Le tout début du XXème siècle est marqué par l’organisation de nombreuses courses automobiles qui servent de laboratoire d’essai aux constructeurs pour montrer leurs nouveautés et le potentiel de l’automobile.

Constructeurs et pilotes se forgent un nom au travers de leur palmarès.

L’ACD utilise ce moyen pour faire connaître son nom et son action au-delà des frontières dauphinoises. Une course emblématique est créée : le concours de côte de Laffrey, appelé par les pilotes : La Laffrey.

Organisée pour la première fois en 1901, la course de côte de Laffrey acquière vite une importante renommée. Profitant de la topographie spécifique du tracé (6.5 km pour un dénivelé de 605m, soit une pente de 10% en moyenne avec un maximum de 12,8%), les pilotes voient en Laffrey un moyen d’éprouver leur machine dans des conditions extrêmes. Ce qui pouvait être une contrainte géologique devient un atout pour ces pionniers de l’automobile.

En 1903 et 1904, l’ACD organise une semaine de compétition : La Semaine de l’automobile du Dauphiné( SAD), qui attire des constructeurs mais aussi des pilotes de tout le pays.
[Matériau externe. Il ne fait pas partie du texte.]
(* For all integers $1\le k\le n$, \[ \mathbb{P}_n(S_k)=\frac{1}{2}\left(1-\frac{k-1}{n}\right), \] i.e. the probability that the $k$-th boundary step of a uniformly random type-B permutation tableau of size $n$ is a south step equals $\frac12\bigl(1-\frac{k-1}{n}\bigr)$.
   Context: A Ferrers diagram is a left-justified array of cells whose row lengths weakly decrease from top to bottom (rows of length $0$ are allowed). Its half-perimeter is the number of rows plus the number of columns. Its southeast boundary, traversed from the northeast corner to the southwest corner, consists of $n$ unit steps, each south or west; south steps correspond to rows and west steps to columns. We write $S_k$ (resp. $W_k$) for the event that the $k$-th step is south (resp. west). If the diagram has $c$ columns, the shifted Ferrers diagram is obtained by inserting $c$ new left-justified rows above it, of lengths $c,c-1,\dots,1$ from top to bottom; the rightmost cell of each inserted row is a diagonal cell. A type-B permutation tableau of size $n$ is a filling of a shifted Ferrers diagram of half-perimeter $n$ with $0$'s and $1$'s such that: (1) every column contains at least one $1$; (2) no $0$ has both a $1$ above it in its column and a $1$ to its left in its row; (3) if a diagonal cell contains $0$ then every cell of its row contains $0$. The boundary steps of the shifted diagram are those of the underlying Ferrers diagram. Let $\mathcal{B}_n$ be the set of such tableaux, and $\mathbb{P}_n$ the uniform probability measure on $\mathcal{B}_n$. *)

From mathcomp Require Import all_boot all_order all_algebra.
Set Implicit Arguments. Unset Strict Implicit. Unset Printing Implicit Defensive.

(* A Ferrers diagram of half-perimeter n is encoded by its southeast boundary
   word w : n.-tuple bool, read from the NE corner to the SW corner,
   true = South step (a row), false = West step (a column).
   Rows are numbered 0.. top to bottom, columns 0.. left to right. *)

Definition ncols (w : seq bool) : nat := count negb w.

Definition south_pos (w : seq bool) (i : nat) : nat :=
  nth 0 [seq p <- iota 0 (size w) | nth false w p] i.

Definition rowlen (w : seq bool) (i : nat) : nat :=
  count negb (drop (south_pos w i).+1 w).

(* Shifted Ferrers diagram: rows 0..c-1 are the inserted left-justified
   staircase rows (row r has cells in columns 0..r, its rightmost cell
   (r,r) being the diagonal cell, so each column j has c-j staircase cells
   with the diagonal cell on top); row c+i is row i of the Ferrers diagram. *)
Definition inshift (w : seq bool) (r j : nat) : bool :=
  let c := ncols w in
  if r < c then j <= r else j < rowlen w (r - c).

Definition isdiag (w : seq bool) (r j : nat) : bool :=
  let c := ncols w in (r < c) && (j == r).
Tous veulent se frotter aux pentes du département. La SAD se compose de nombreuses épreuves : concours de tourisme, gymkhana automobile et concours de côte de Laffrey. Toutes les richesses du département sont mises à profit.

Après deux éditions très réussies, la SAD est stoppée brutalement. En effet, devant la multiplicité des grandes compétitions automobiles obligeant les constructeurs et les sponsors à limiter leur participation, la SAD n’est pas reconduite en 1905… ainsi s’arrête brutalement la grande aventure de la Semaine de l’Automobile du Dauphiné.

Parallèlement, c’est la grande période des guides touristiques. André Michelin crée son guide en 1900 qui recense tout ce qui peut être utile à l’automobiliste : liste des garagistes, des médecins, plans de certaines villes, dépôts d’essence, auberges, hôtels, églises et toute une liste de curiosités.

L’ACD conscient du fort lien qui peut unir tourisme et développement automobile décide de créer son propre guide touristique en 1903, qui est complété en 1904. L’association s’allie avec des hôtels et des auberges du département en leur décernant un signe distinctif qui garantit aux conducteurs la présence des garages pour leur auto et un certain niveau de qualité de l’établissement. Malheureusement, l’opération commerciale se révèle être un vrai fiasco. Très peu de livres sont vendus et l’ACD ne retire aucun bénéfice financier, mais plutôt des dettes.

Ainsi s’estompe (pour un temps) l’aventure de l’ACD. Peu active dans les années 1910 on ne trouve de traces de l’association qu’en 1923. Ce n’est que plus tard que les courses et concours automobiles reprennent timidement, sans jamais atteindre la renommée de la SAD… Dès lors, l’ACD essai de trouver sa voie en orientant son action presque uniquement sur les automobilistes.

Plus que centenaire, l’Automobile Club Dauphinois demeure toujours très présent auprès des conducteurs dauphinois, suivant ainsi la voie tracée par ses pères.